Stomatos vol.18 no.34 Canoas Jan./Jun. 2012

SCIENTIFIC ARTICLE

Immunohistochemical Analysis of Metalloproteases in Dentigerous Cysts, Radicular Cysts and Keratocystic Odontogenic Tumors: Systematic Review

Análise Imunoistoquímica de Metaloproteases nos Cistos Dentígeros, Cistos Radiculares e Tumores Odontogênicos Ceratocísticos: Revisão Sistemática

Rafaela Scariot¹; Imara Castro Morosini¹; Cassius Carvalho Torres-Pereira²; José Miguel Céspedes Amenabar²; Nelson Luis Barbosa Rebellato³; Renato Cordeiro Gugisch⁴

¹DDS, Students of Master’s Program in Dentistry, Universidade Federal do Paraná, Curitiba, Brazil.
²Professors, Oral Diagnoses, Department of Stomatology, School of Dentistry, Universidade Federal do Paraná, Curitiba, Brazil.
³Professor, Oral and Maxillofacial Surgery and Trauma, Department of Stomatology, School of Dentistry, Universidade Federal do Paraná, Curitiba, Brazil.
⁴Professor, Odontopediatrics, Department of Stomatology, School of Dentistry, Universidade Federal do Paraná, Curitiba, Brazil.

Corresponding Author:

ABSTRACT

Evidence suggests that metalloprotease expression may affect the biological behavior of odontogenic lesions. This study was conducted to review the literature about the role of metalloproteases in the development of odontogenic lesions. A search was carried out using one database, MEDLINE, via PubMed. Only articles written in English were included. Abstracts of all articles retrieved in the electronic search were evaluated for their relevance. Three articles met inclusion criteria. They analyzed the role of MMP-2, MMP-8 and MMP-13 in radicular cysts, dentigerous cysts and keratocystic odontogenic tumors, and of MMP-1, MMP-7 and MMP-27 in keratocystic odontogenic tumors. The immunostaining technique used for all studies was similar, differing only in type of staining used. Different immunoreactivity results were found in the studies. The pattern of metalloprotease expression in odontogenic lesions was different from the pattern found in other lesions. In the studies analyzed, there was a significant positive immunoreactivity for metalloproteases in odontogenic lesions, particularly in keratocystic odontogenic tumors, a finding that may explain KCOT aggressiveness.

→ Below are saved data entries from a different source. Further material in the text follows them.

Section Extension.
Variables (R : unitRingType) (n m : nat) (W : Type) (tau : W -> nat)
  (inc : W -> W -> Prop) (emb : Subsp R n -> W) (z x y x1e xm2e : W)
  (pc : nat -> Subsp R n).
Local Notation V := (Subsp R n).
Local Notation raw := (raw W V).
Local Notation rv := (@Defs.rv R n m W tau x y x1e xm2e).
Local Notation ptyp := (@Defs.ptyp n W tau x).
Local Notation isNew := (@Defs.isNew n m W tau x y).
Local Notation valid := (@Defs.valid R n m W tau x y pc).
Local Notation tauR := (@Defs.tauR R n W tau x).
Local Notation baseR := (@Defs.baseR R n m W tau inc emb x y x1e xm2e pc).
Local Notation incR := (@Defs.incR R n m W tau inc emb x y x1e xm2e pc).
Local Notation W' := (@Defs.W' R n m W tau x y pc).
Local Notation tau' := (@Defs.tau' R n m W tau x y pc).
Local Notation inc' := (@Defs.inc' R n m W tau inc emb x y x1e xm2e pc).
Local Notation emb' := (@Defs.emb' R n m W tau emb x y pc).
Local Notation prec := (@Defs.prec R n W tau inc emb).
Local Notation prec' := (@Defs.prec R n W' tau' inc' emb').
Local Notation res := (@Defs.res n W tau inc).

Hypothesis n_ge3 : 3 <= n.
Hypothesis m_ge4 : 4 <= m.
Hypothesis unitR : forall a : R, (a != 0)%R -> a \is a GRing.unit.
Hypothesis inc_sym : forall a b, inc a b -> inc b a.
Hypothesis inc_type_eq : forall a b, tau a = tau b -> (inc a b <-> a = b).
Hypothesis emb_inj : injective emb.
Hypothesis tau_emb : forall v, tau (emb v) = sdim v.
Hypothesis inc_emb : forall u v, inc (emb u) (emb v) <-> Sinc u v.
Hypothesis HF : @propF n W tau inc.
Hypothesis HI : @propI n W tau.
Hypothesis HV : @propV R n W tau emb.
Hypothesis HP : @propP n W tau inc m.
Hypothesis HH : @propH R n W tau inc emb.
Hypothesis HC : @propC R n W tau inc emb.
Hypothesis tau_z : tau z = n - 2.
Hypothesis tau_x : tau x = n - 1 \/ tau x = n.
Hypothesis tau_y : tau y = n - 1 \/ tau y = n.
Hypothesis inc_xz : inc x z.
Hypothesis inc_yz : inc y z.
Hypothesis tau_xy : if odd m then tau x = tau y else tau x <> tau y.
Hypothesis dist_xy : @dist_ge n W tau inc z m.+1 x y.
Hypothesis x1e_ok : tau x = n -> [/\ tau x1e = n - 1, inc x1e x, inc x1e z &
  forall w, tau w = n -> inc x1e w -> w = x].
Hypothesis xm2e_ok : tau y = n -> [/\ tau xm2e = n - 1, inc xm2e y, inc xm2e z &
  forall w, tau w = n -> inc xm2e w -> w = y].
Hypothesis pc_ok : forall i, i <= m - 1 -> ptyp i = n - 1 ->
  [/\ sdim (pc i) = n - 1, inc (emb (pc i)) z & forall w, rv i = Old w -> prec w (pc i)].
Hypothesis pc_inj : forall i j, i <= m - 1 -> j <= m - 1 ->
  ptyp i = n - 1 -> ptyp j = n - 1 -> pc i = pc j -> i = j.

Lemma inc_refl a : inc a a.
Proof. exact/inc_type_eq. Qed.

(* The new vertices of gamma are exactly the x_i with lo < i < hi; the
   vertices x_lo and x_hi are old elements of type n-1. *)
Definition lo := if tau x == n then 1 else 0.
Definition hi := if tau y == n then m - 2 else m - 1.
Definition xlo := if tau x == n then x1e else x.
Definition xhi := if tau y == n then xm2e else y.

Lemma isNewE i : isNew i <-> lo < i < hi.
Proof.
rewrite /isNew /lo /hi; case: (tau x =P n) => ex; case: (tau y =P n) => ey.
all: split => [[h1 h2 h3 h4]|/andP[h1 h2]]; [apply/andP; split|split]; lia.
Qed.

Lemma hi_le : hi <= m - 1.
Proof. by rewrite /hi; case: eqP => _; lia. Qed.

Lemma lo_lt_hi : lo.+1 < hi.
Proof.
rewrite /lo /hi; case: (tau x =P n) => ex; case: (tau y =P n) => ey; try lia.
move: tau_xy; rewrite ex ey; case: ifP => [odd_m _|_ []//].
have : m != 4 by apply: contraTneq odd_m => ->.
lia.
Qed.
(* Let $m \geq 1$ be an integer and let $q \in (m,m+1)$ be a Pisot number which is not an algebraic unit. Then every Galois conjugate $q'$ of $q$ satisfies $|q'| \geq \frac{2}{m+1} \geq c_m$.
   Context: A Pisot number is a real algebraic integer $q>1$ all of whose other Galois conjugates have absolute value strictly less than $1$. Define $c_1 = \frac{\sqrt{5}-1}{2}$; define $c_2$ to be the absolute value of the root of minimal modulus of $x^4-3x^3+x^2-2x-1$; and for $m \geq 3$ define $c_m = \frac{m+1-\sqrt{m^2+2m-3}}{2}$. *)

From HB Require Import structures.
From mathcomp Require Import all_boot all_order all_algebra all_field.
From mathcomp Require Import algC algnum.
Set Implicit Arguments. Unset Strict Implicit. Unset Printing Implicit Defensive.
Import Order.TTheory GRing.Theory Num.Theory.
Local Open Scope ring_scope.

Definition galois_conjugate (x z : algC) : Prop := root (minCpoly x) z.

Definition pisot (q : algC) : Prop :=
  [/\ q \is Num.real, 1 < q, q \in Aint &
      forall z, galois_conjugate q z -> z != q -> `|z| < 1].

Definition algebraic_unit (x : algC) : Prop :=
  [/\ x != 0, x \in Aint & x^-1 \in Aint].

Definition quartic2 : {poly algC} := 'X^4 - 3 * 'X^3 + 'X^2 - 2 * 'X - 1.

Definition quartic2_roots : seq algC := sval (closed_field_poly_normal quartic2).

Definition c2 : algC :=
  \big[Num.min/ `|head 0 quartic2_roots|]_(z <- quartic2_roots) `|z|.

(* The constants c_m, m >= 1 (value at m = 0 is irrelevant, set to 0). *)
Definition c (m : nat) : algC :=
  match m with
  | 0 => 0
  | 1 => (sqrtC 5 - 1) / 2
  | 2 => c2
  | _ => (m.+1%:R - sqrtC (m%:R ^+ 2 + 2 * m%:R - 3)) / 2
  end.

(* The constant coefficient a0 of the minimal polynomial of q is, up to sign,
   the product of all conjugates of q.  As q is an algebraic integer but not a
   unit, |a0| is an integer at least 2; as q is Pisot, all conjugates other
   than q and q' have modulus < 1.  Hence 2 <= |a0| <= q |q'| < (m+1) |q'|.
   For the constants, c_m = 2 / (m + 1 + sqrt((m+1)^2 - 4)) when m >= 3,
   c_1 <= 1 as sqrt 5 <= 3, and the quartic defining c_2 has a root of modulus
   at most 2/3: otherwise the four products of three of its roots, which are
   the -1/z_i, would have modulus at most 3/2, whereas by Vieta the sum of
   their cubes is 23. *)

From HB Require Import structures.
From mathcomp Require Import all_boot all_order all_algebra all_field.
From mathcomp Require Import algC algnum ring.
Import Order.TTheory GRing.Theory Num.Theory.
Local Open Scope ring_scope.

Lemma cons_poly_drop1 {R : nzSemiRingType} (p : {poly R}) :
  cons_poly p`_0 (drop_poly 1 p) = p.
Proof. by apply/polyP => -[|i]; rewrite coef_cons // coef_drop_poly addn1. Qed.

Lemma root_deriv_prod_XsubC {R : comNzRingType} (r : seq R) x :
  x \in rem x r -> root (\prod_(z <- r) ('X - z%:P))^`() x.
Proof.
move=> xrr; have xr := mem_rem xrr.
rewrite (perm_big _ (perm_to_rem xr)) big_cons.
rewrite (perm_big _ (perm_to_rem xrr)) big_cons /= mulrA.
by rewrite /root !derivM !hornerE subrr !(mul0r, mulr0, add0r, addr0).
Qed.

Lemma minCpoly_min_size {x} {g : {poly rat}} :
  g != 0 -> root (map_poly ratr g) x -> (size (minCpoly x) <= size g)%N.
Proof.
by have [p [-> _] ->] := minCpolyP x; rewrite size_map_poly; apply: dvdp_leq.
Qed.

Lemma rootN_deriv_minCpoly x : ~~ root (minCpoly x)^`() x.
Proof.
have [p [Dp p_monic] _] := minCpolyP x.
have p_gt1 : (1 < size p)%N.
  by have := size_minCpoly x; rewrite Dp size_map_poly.
have dp_neq0 : p^`() != 0.
  apply/eqP => /(congr1 (fun q : {poly rat} => q`_(size p).-2)) /eqP.
  rewrite coef_deriv coef0.
  have -> : (size p).-2.+1 = (size p).-1 by case: (size p) p_gt1 => [|[]].
  rewrite -lead_coefE (monicP p_monic) pnatr_eq0.
  by case: (size p) p_gt1 => [|[]].
apply: contraL (lt_size_deriv (monic_neq0 p_monic)); rewrite Dp deriv_map.
by move=> /(minCpoly_min_size dp_neq0); rewrite Dp size_map_poly -leqNgt.
Qed.

Lemma minCpoly_coef0_neq0 x : x != 0 -> (minCpoly x)`_0 != 0.
Proof.
move=> x_neq0; have [p [Dp p_monic] _] := minCpolyP x.
rewrite Dp coef_map fmorph_eq0; apply/eqP => p0_0.
have := cons_poly_drop1 p; rewrite p0_0 cons_poly_def addr0.
set d := drop_poly 1 p; move=> Dd.
have d_neq0 : d != 0.
  by apply: contra_neq (monic_neq0 p_monic) => d0; rewrite -Dd d0 mul0r.
have := root_minCpoly x.
rewrite Dp -Dd rmorphM /= map_polyX rootM rootX (negbTE x_neq0) orbF.
move=> /(minCpoly_min_size d_neq0); rewrite Dp size_map_poly -Dd size_mulX //.
by rewrite ltnn.
Qed.

Lemma Aint_inv_coef0_norm1 x :
  x \in Aint -> `|(minCpoly x)`_0| = 1 -> x^-1 \in Aint.
Proof.
move=> xA a0_norm1; have pZ : minCpoly x \is a polyOver Num.int := xA.
set a0 := (minCpoly x)`_0 in a0_norm1.
set d := drop_poly 1 (minCpoly x).
have a0Z : a0 \is a Num.int := polyOverP pZ 0.
have dxA : d.[x] \in Aint.
  apply: rpred_horner xA; apply/polyOverP => i.
  by rewrite coef_drop_poly Aint_Cint ?(polyOverP pZ).
have a0_sqr : a0 * a0 = 1.
  by rewrite -[LHS]expr2 -(real_normK (Rreal_int a0Z)) a0_norm1 expr1n.
have /eqP := root_minCpoly x.
rewrite -[minCpoly x]cons_poly_drop1 horner_cons -/a0 -/d.
move=> /eqP; rewrite addr_eq0 => /eqP dx.
have -> : x^-1 = - (a0 * d.[x]).
  by apply: mulr1_eq; rewrite mulrN mulrCA [x * _]mulrC dx mulrN opprK a0_sqr.
by rewrite rpredN rpredM // Aint_Cint.
Qed.

Lemma minCpoly_coef0_normr_ge2 {x} :
  x \in Aint -> x != 0 -> ~ algebraic_unit x -> 2 <= `|(minCpoly x)`_0|.
Proof.
move=> xA x_neq0 x_nonunit.
have /natrP[n Dn] := natr_norm_int (polyOverP (xA : _ \is a polyOver _) 0).
have n_neq0 : n != 0%N.
  by rewrite -(pnatr_eq0 algC) -Dn normr_eq0 minCpoly_coef0_neq0.
have n_neq1 : n != 1%N.
  apply: contra_notN x_nonunit => /eqP n1.
  by split; rewrite ?Aint_inv_coef0_norm1 // Dn n1.
by rewrite Dn ler_nat; case: n n_neq0 n_neq1 {Dn} => [|[]].
Qed.

Lemma pisot_normr_coef0_le {q q'} :
  pisot q -> galois_conjugate q q' -> q' != q ->
  `|(minCpoly q)`_0| <= q * `|q'|.
Proof.
case=> _ q_gt1 _ conj_small q'_root q'_neq.
have [r Dp] := closed_field_poly_normal (minCpoly q).
rewrite (monicP (minCpoly_monic q)) scale1r in Dp.
have qr : q \in r by rewrite -root_prod_XsubC -Dp root_minCpoly.
have q_simple : q \notin rem q r.
  apply: contra (rootN_deriv_minCpoly q); rewrite Dp.
  exact: root_deriv_prod_XsubC.
have q'r : q' \in rem q r.
  have : q' \in r by rewrite -root_prod_XsubC -Dp.
  by rewrite (perm_mem (perm_to_rem qr)) inE (negbTE q'_neq).
have others_small z : z \in rem q' (rem q r) -> 0 <= `|z| <= 1.
  move=> zr; rewrite normr_ge0 ltW // conj_small //.
    by rewrite /galois_conjugate Dp root_prod_XsubC (mem_rem (mem_rem zr)).
  by apply: contraNneq q_simple => zq; rewrite -{1}zq (mem_rem zr).
rewrite Dp coef0_prod_XsubC normrM normrX normrN1 expr1n mul1r normr_prod.
rewrite (perm_big _ (perm_to_rem qr)) big_cons.
rewrite (perm_big _ (perm_to_rem q'r)) big_cons /=.
have q_gt0 : 0 < q := lt_trans ltr01 q_gt1.
rewrite gtr0_norm // mulrA ler_piMr ?mulr_ge0 ?normr_ge0 ?(ltW q_gt0) //.
by rewrite big_seq prodr_ile1.
Qed.

Lemma bigmin_real_le {R : numDomainType} {I : eqType}
    (r : seq I) x0 (F : I -> R) j :
  x0 \is Num.real -> (forall i, F i \is Num.real) -> j \in r ->
  \big[Num.min/x0]_(i <- r) F i <= F j.
Proof.
move=> x0R FR; elim: r => [|i r IHr] //; rewrite big_cons inE.
have minR : \big[Num.min/x0]_(k <- r) F k \is Num.real by apply: bigmin_real.
rewrite comparable_ge_min ?real_comparable // => /predU1P[->|/IHr ->].
  by rewrite lexx.
by rewrite orbT.
Qed.

Lemma prod_XsubC4 {R : comNzRingType} (a b c d : R) :
  \prod_(z <- [:: a; b; c; d]) ('X - z%:P) =
  Poly [:: a * b * c * d; - (a * b * c + a * b * d + a * c * d + b * c * d);
           a * b + a * c + a * d + b * c + b * d + c * d; - (a + b + c + d); 1].
Proof.
rewrite !big_cons big_nil /= !cons_poly_def.
rewrite !(rmorphD, rmorphN, rmorphM) /= polyC1; ring.
Qed.

Lemma polyseq_quartic2 : quartic2 = [:: -1; -2; 1; -3; 1] :> seq algC.
Proof.
rewrite -(PolyK (c := 0) (s := [:: -1; -2; 1; -3; 1])) ?oner_neq0 //.
congr polyseq.
apply/polyP => i; rewrite /quartic2 !coefE.
by do 6?[case: i => [|i]] => /=; rewrite ?nth_nil; ring.
Qed.

Lemma cofactor_cube_le {R : numFieldType} {z t : R} :
  2 / 3 < `|z| -> z * t = -1 -> (2 * `|t|) ^+ 3 <= 27.
Proof.
move=> z_big /(congr1 Num.norm); rewrite normrM normrN normr1 => zt1.
have z_pos : 0 < `|z| by apply: lt_trans z_big; rewrite divr_gt0 ?ltr0n.
have t_le : 2 * `|t| <= 3.
  rewrite -(ler_pM2r z_pos) -mulrA [`|t| * _]mulrC zt1 mulr1 mulrC.
  by rewrite ltW // -ltr_pdivrMr ?ltr0n.
rewrite (_ : 27 = 3 ^+ 3); last by rewrite -natrX.
by rewrite lerXn2r ?nnegrE ?mulr_ge0 ?ler0n.
Qed.

Lemma normr_add4_le {R : numDomainType} (w x y z : R) :
  `|w + x + y + z| <= `|w| + `|x| + `|y| + `|z|.
Proof.
apply: le_trans (ler_normD _ _) _; rewrite lerD2r.
by apply: le_trans (ler_normD _ _) _; rewrite lerD2r ler_normD.
Qed.

Lemma quartic2_vieta_small_root {R : numFieldType} {a b c d : R} :
  a + b + c + d = 3 -> a * b + a * c + a * d + b * c + b * d + c * d = 1 ->
  a * b * c + a * b * d + a * c * d + b * c * d = 2 -> a * b * c * d = -1 ->
  has (fun z => `|z| <= 2 / 3) [:: a; b; c; d].
Proof.
move=> e1 e2 e3 e4; apply/contraT; rewrite -all_predC /=.
have real23 : (2 / 3 : R) \is Num.real by rewrite ger0_real // divr_ge0 ?ler0n.
rewrite -!real_ltNge ?normr_real // => /and5P[a_big b_big c_big d_big _].
have cube_sum : (b * c * d) ^+ 3 + (a * c * d) ^+ 3 + (a * b * d) ^+ 3
                + (a * b * c) ^+ 3 = 23.
  (* Newton's identity for the cubes of the t_i = e4 / z_i, whose elementary
     symmetric functions are e3, e2 e4, e1 e4^2 and e4^3. *)
  have -> : (b * c * d) ^+ 3 + (a * c * d) ^+ 3 + (a * b * d) ^+ 3
            + (a * b * c) ^+ 3
      = (a * b * c + a * b * d + a * c * d + b * c * d) ^+ 3
        - 3 * (a * b * c + a * b * d + a * c * d + b * c * d)
            * (a * b + a * c + a * d + b * c + b * d + c * d) * (a * b * c * d)
        + 3 * (a + b + c + d) * (a * b * c * d) ^+ 2 by ring.
  by rewrite e1 e2 e3 e4; ring.
have : `|(2 * (b * c * d)) ^+ 3 + (2 * (a * c * d)) ^+ 3
          + (2 * (a * b * d)) ^+ 3 + (2 * (a * b * c)) ^+ 3|
       <= 27 + 27 + 27 + 27.
  apply: le_trans (normr_add4_le _ _ _ _) _.
  have norm_cube (t : R) : `|(2 * t) ^+ 3| = (2 * `|t|) ^+ 3.
    by rewrite normrX normrM normr_nat.
  rewrite !norm_cube !lerD //.
  - by apply: (cofactor_cube_le a_big); rewrite -e4; ring.
  - by apply: (cofactor_cube_le b_big); rewrite -e4; ring.
  - by apply: (cofactor_cube_le c_big); rewrite -e4; ring.
  - by apply: (cofactor_cube_le d_big); rewrite -e4; ring.
have -> : (2 * (b * c * d)) ^+ 3 + (2 * (a * c * d)) ^+ 3
          + (2 * (a * b * d)) ^+ 3 + (2 * (a * b * c)) ^+ 3 = (8 * 23)%:R.
  by rewrite natrM -cube_sum; ring.
by rewrite normr_nat -!natrD ler_nat.
Qed.

Lemma c2_le : c2 <= 2 / 3.
Proof.
rewrite /c2 /quartic2_roots; case: closed_field_poly_normal => s /= Ds.
have [lc1 quartic2_size] : lead_coef quartic2 = 1 /\ size quartic2 = 5%N.
  by rewrite lead_coefE polyseq_quartic2.
rewrite lc1 scale1r in Ds.
have := size_prod_XsubC s id; rewrite -Ds quartic2_size.
case: s Ds => [|a [|b [|c [|d [|]]]]] //= Ds _.
have := congr1 polyseq (esym Ds).
rewrite prod_XsubC4 polyseq_quartic2 (PolyK (c := 0)) ?oner_neq0 //.
move=> [e4 /oppr_inj e3 e2 /oppr_inj e1].
have /hasP[z z_root z_small] := quartic2_vieta_small_root e1 e2 e3 e4.
apply: le_trans _ z_small.
by apply: bigmin_real_le z_root => // i; apply: normr_real.
Qed.

Lemma sub_sqrtC_le (N : algC) :
  2 <= N -> (N - sqrtC (N ^+ 2 - 4)) / 2 <= 2 / N.
Proof.
move=> N_ge2; have N_gt0 : 0 < N by apply: lt_le_trans N_ge2.
set s := sqrtC _.
have s_ge0 : 0 <= s.
  rewrite sqrtC_ge0 subr_ge0 (_ : 4 = 2 ^+ 2); last by rewrite -natrX.
  by apply: lerXn2r; rewrite // nnegrE ?ler0n ?ltW.
have Ns_pos : 0 < N + s by rewrite ltr_wpDr.
have conj_prod : (N - s) * (N + s) = 4.
  by rewrite (_ : _ * _ = N ^+ 2 - s ^+ 2); [rewrite sqrtCK; ring | ring].
have Ns_ge0 : 0 <= N - s by rewrite -(pmulr_lge0 _ Ns_pos) conj_prod ler0n.
rewrite ler_pdivrMr ?ltr0n // mulrAC ler_pdivlMr //.
apply: le_trans (_ : (N - s) * (N + s) <= _); last by rewrite conj_prod -natrM.
by rewrite ler_wpM2l // lerDl.
Qed.

Lemma c_le m : (1 <= m)%N -> c m <= 2 / m.+1%:R.
Proof.
case: m => [|[|[|m]]] // _.
- rewrite /= divff ?pnatr_eq0 // ler_pdivrMr ?ltr0n // mul1r lerBlDr.
  rewrite natr1 -(sqrCK (ler0n algC 3)).
  by rewrite ler_sqrtC ?nnegrE ?ler0n ?exprn_ge0 // -natrX ler_nat.
- exact: c2_le.
- rewrite /c (_ : m.+3%:R ^+ 2 + 2 * m.+3%:R - 3 = m.+4%:R ^+ 2 - 4 :> algC).
    by apply: sub_sqrtC_le; rewrite ler_nat.
  by rewrite -!nat1r; ring.
Qed.

Theorem theorem2p3 (m : nat) (q : algC) :
  (1 <= m)%N ->
  m%:R < q -> q < m.+1%:R ->
  pisot q -> ~ algebraic_unit q ->
  forall q' : algC, galois_conjugate q q' ->
    2 / m.+1%:R <= `|q'| /\ c m <= 2 / m.+1%:R.
Proof.
move=> m_ge1 _ q_lt_m1 pisot_q q_nonunit q' q'_conj.
split; last exact: c_le.
have [_ q_gt1 qA _] := pisot_q.
have q_gt0 : 0 < q := lt_trans ltr01 q_gt1.
rewrite ler_pdivrMr ?ltr0n //.
have [->|q'_neq] := eqVneq q' q.
  by rewrite gtr0_norm // -[2]mul1r ler_pM ?ler0n ?(ltW q_gt1) // ler_nat ltnS.
apply: le_trans (minCpoly_coef0_normr_ge2 qA (lt0r_neq0 q_gt0) q_nonunit) _.
apply: le_trans (pisot_normr_coef0_le pisot_q q'_conj q'_neq) _.
by rewrite mulrC ler_wpM2l ?normr_ge0 ?(ltW q_lt_m1).
Qed.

Keywords: matrix metalloproteases, extracellular matrix, odontogenic lesions.

RESUMO

Evidências sugerem que a expressão das metaloproteinases podem afetar o comportamento biológico das lesões odontogênicas. Esse estudo foi conduzido a fim de revisar a literatura sobre o papel das metaloproteinases no desenvolvimento das lesões odontogênicas. A pesquisa foi realizada utilizando a base de dados do MEDLINE, via PUBMED. Somente artigos escritos em língua inglesa foram aceitos. Os resumos de todos os artigos encontrados na busca foram avaliados de acordo com sua relevância. Três artigos preencheram os critérios de inclusão. Eles analisaram o papel da MMP-2, MMP-8 e MMP-13 nos cistos radiculares, cistos dentígeros e nos tumores odontogênicos ceratocísticos (TOC) e MMP-1, MMP-7 e MMP-27 no TOC. A técnica imunoistoquímica utilizada por todos os estudos foi similar, diferindo somente pelo tipo da coloração utilizada. Diferentes imunomarcações foram encontradas nos estudos. O padrão da expressão das metaloproteinases nas lesões odontogênicos variou entre as lesões. Nos estudos analisados, houve uma imunomarcação positiva, significante estatiticamente, das metaloproteinases nas lesões odontogênicas em especial nos TOCs, o que pode explicar a agressividade dessas lesões.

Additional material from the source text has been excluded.